Data for review:
Lemma sigma_range n : all (fun f => 0 < f <= n) (sigma k n).
Proof.
elim: n => // n IH; rewrite sigmaS.
have IH' : all (fun f => 0 < f <= n.+1) (sigma k n).
  by apply: sub_all IH => f /andP [f_gt0 f_le]; rewrite f_gt0 leqW.
rewrite all_cat IH' andbT; elim: (k * n.+1).-1 => //= m IHm.
by rewrite all_cat IHm all_rcons IH' ltnSn andbT.
Qed.

Local Notation final fs p := (walk_end (flip k) fs p).
Local Notation trail fs p := (walk (flip k) fs p).

Definition sigma_cycle n := forall p, valid p -> n <= size p ->
  [/\ greedy (flip k) [::] (sigma k n) p,
      forall j, 0 < j <= n -> flip k j (final (sigma k n) p) \in trail (sigma k n) p
    & flip k n (final (sigma k n) p) = p].

Lemma sigma_cycle0 : sigma_cycle 0.
Proof. by move=> p _ _; split => //= [j|]; [lia | exact: flip0]. Qed.

Lemma trail_valid fs q r : valid q -> r \in trail fs q -> valid r /\ size r = size q.
Proof.
move=> valid_q; apply: (walk_invariant (P := fun r => valid r /\ size r = size q)) => //.
by move=> f r' _ [valid_r' <-]; rewrite valid_flip ?size_flip.
Qed.

Section CycleStep.
Variables (n : nat) (p : cperm).
Hypotheses (IH : sigma_cycle n) (valid_p : valid p) (n_lt : n < size p).

Local Notation sg := (sigma k n).
Local Notation N := (k * n.+1).
(* sigma k n.+1 consists of N rounds of sg separated by flips n.+1; round b
   starts at the state s b. *)
Local Notation s b := (iter b (pull n) p).

(* Where sg would return to its start by flip n, flip n.+1 performs a pull. *)
Lemma pull_by_round q : valid q -> n < size q -> pull n q = flip k n.+1 (final sg q).
Proof.
move=> valid_q n_lt_q; have [_ _ back] := IH valid_q (ltnW n_lt_q).
have [_ size_final] := trail_valid valid_q (mem_walk_end _ sg q).
by rewrite flip_succ ?size_final // back.
Qed.

Lemma round_valid b : valid (s b) /\ n < size (s b).
Proof.
elim: b => [|b [valid_b size_b]] //; rewrite iterS pull_by_round //.
have [valid_final size_final] := trail_valid valid_b (mem_walk_end _ sg (s b)).
by rewrite valid_flip // size_flip size_final.
Qed.

Lemma round_next b : s b.+1 = flip k n.+1 (final sg (s b)).
Proof. by have [valid_b size_b] := round_valid b; rewrite iterS pull_by_round. Qed.

Lemma round_entry b q : q \in trail sg (s b) -> nth (0, 0) q n = nth (0, 0) (s b) n.
Proof.
move=> q_round; have same_tail : drop n q = drop n (s b).
  apply: (walk_invariant (P := fun r => drop n r = drop n (s b))) q_round => // f r f_sg <-.
  by apply: drop_flip; move/allP: (sigma_range n) => /(_ f f_sg) /andP [].
by have := congr1 (fun r => nth (0, 0) r 0) same_tail; rewrite /= !nth_drop addn0.
Qed.

Definition visited b := flatten [seq trail sg (s c) | c <- iota 0 b].

Lemma visitedS b : visited b.+1 = visited b ++ trail sg (s b).
Proof. by rewrite /visited -addn1 iotaD map_cat flatten_cat /= cats0. Qed.

Lemma visited_entry b q :
  q \in visited b -> exists2 c, c < b & nth (0, 0) q n = nth (0, 0) (s c) n.
Proof.
case/flattenP => _ /mapP [c c_b ->] q_round.
by exists c; [rewrite mem_iota in c_b | exact: round_entry].
Qed.

(* Since the entry at position n identifies the round, each of the first N
   rounds is greedy whatever was visited before. *)
Lemma round_greedy b : b < N -> greedy (flip k) (visited b) sg (s b).
Proof.
move=> b_lt; have [valid_b size_b] := round_valid b.
have [greedy_b _ _] := IH valid_b (ltnW size_b).
rewrite -(cats0 (visited b)); apply: (greedy_weaken (V := visited b) greedy_b) => q q_round.
apply/negP => /visited_entry [c c_lt same]; rewrite (round_entry q_round) in same.
by have := iter_pull_inj valid_p n_lt b_lt (ltn_trans c_lt b_lt) same; lia.
Qed.

Definition blocks m := flatten (nseq m (rcons sg n.+1)) ++ sg.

What this task involves: Nothing may be left out or altered: reproduce the complete listing.

Answer box:
Lemma sigma_range n : all (fun f => 0 < f <= n) (sigma k n).
Proof.
elim: n => // n IH; rewrite sigmaS.
have IH' : all (fun f => 0 < f <= n.+1) (sigma k n).
  by apply: sub_all IH => f /andP [f_gt0 f_le]; rewrite f_gt0 leqW.
rewrite all_cat IH' andbT; elim: (k * n.+1).-1 => //= m IHm.
by rewrite all_cat IHm all_rcons IH' ltnSn andbT.
Qed.

Local Notation final fs p := (walk_end (flip k) fs p).
Local Notation trail fs p := (walk (flip k) fs p).

Definition sigma_cycle n := forall p, valid p -> n <= size p ->
  [/\ greedy (flip k) [::] (sigma k n) p,
      forall j, 0 < j <= n -> flip k j (final (sigma k n) p) \in trail (sigma k n) p
    & flip k n (final (sigma k n) p) = p].

Lemma sigma_cycle0 : sigma_cycle 0.
Proof. by move=> p _ _; split => //= [j|]; [lia | exact: flip0]. Qed.

Lemma trail_valid fs q r : valid q -> r \in trail fs q -> valid r /\ size r = size q.
Proof.
move=> valid_q; apply: (walk_invariant (P := fun r => valid r /\ size r = size q)) => //.
by move=> f r' _ [valid_r' <-]; rewrite valid_flip ?size_flip.
Qed.

Section CycleStep.
Variables (n : nat) (p : cperm).
Hypotheses (IH : sigma_cycle n) (valid_p : valid p) (n_lt : n < size p).

Local Notation sg := (sigma k n).
Local Notation N := (k * n.+1).
(* sigma k n.+1 consists of N rounds of sg separated by flips n.+1; round b
   starts at the state s b. *)
Local Notation s b := (iter b (pull n) p).

(* Where sg would return to its start by flip n, flip n.+1 performs a pull. *)
Lemma pull_by_round q : valid q -> n < size q -> pull n q = flip k n.+1 (final sg q).
Proof.
move=> valid_q n_lt_q; have [_ _ back] := IH valid_q (ltnW n_lt_q).
have [_ size_final] := trail_valid valid_q (mem_walk_end _ sg q).
by rewrite flip_succ ?size_final // back.
Qed.

Lemma round_valid b : valid (s b) /\ n < size (s b).
Proof.
elim: b => [|b [valid_b size_b]] //; rewrite iterS pull_by_round //.
have [valid_final size_final] := trail_valid valid_b (mem_walk_end _ sg (s b)).
by rewrite valid_flip // size_flip size_final.
Qed.

Lemma round_next b : s b.+1 = flip k n.+1 (final sg (s b)).
Proof. by have [valid_b size_b] := round_valid b; rewrite iterS pull_by_round. Qed.

Lemma round_entry b q : q \in trail sg (s b) -> nth (0, 0) q n = nth (0, 0) (s b) n.
Proof.
move=> q_round; have same_tail : drop n q = drop n (s b).
  apply: (walk_invariant (P := fun r => drop n r = drop n (s b))) q_round => // f r f_sg <-.
  by apply: drop_flip; move/allP: (sigma_range n) => /(_ f f_sg) /andP [].
by have := congr1 (fun r => nth (0, 0) r 0) same_tail; rewrite /= !nth_drop addn0.
Qed.

Definition visited b := flatten [seq trail sg (s c) | c <- iota 0 b].

Lemma visitedS b : visited b.+1 = visited b ++ trail sg (s b).
Proof. by rewrite /visited -addn1 iotaD map_cat flatten_cat /= cats0. Qed.

Lemma visited_entry b q :
  q \in visited b -> exists2 c, c < b & nth (0, 0) q n = nth (0, 0) (s c) n.
Proof.
case/flattenP => _ /mapP [c c_b ->] q_round.
by exists c; [rewrite mem_iota in c_b | exact: round_entry].
Qed.

(* Since the entry at position n identifies the round, each of the first N
   rounds is greedy whatever was visited before. *)
Lemma round_greedy b : b < N -> greedy (flip k) (visited b) sg (s b).
Proof.
move=> b_lt; have [valid_b size_b] := round_valid b.
have [greedy_b _ _] := IH valid_b (ltnW size_b).
rewrite -(cats0 (visited b)); apply: (greedy_weaken (V := visited b) greedy_b) => q q_round.
apply/negP => /visited_entry [c c_lt same]; rewrite (round_entry q_round) in same.
by have := iter_pull_inj valid_p n_lt b_lt (ltn_trans c_lt b_lt) same; lia.
Qed.

Definition blocks m := flatten (nseq m (rcons sg n.+1)) ++ sg.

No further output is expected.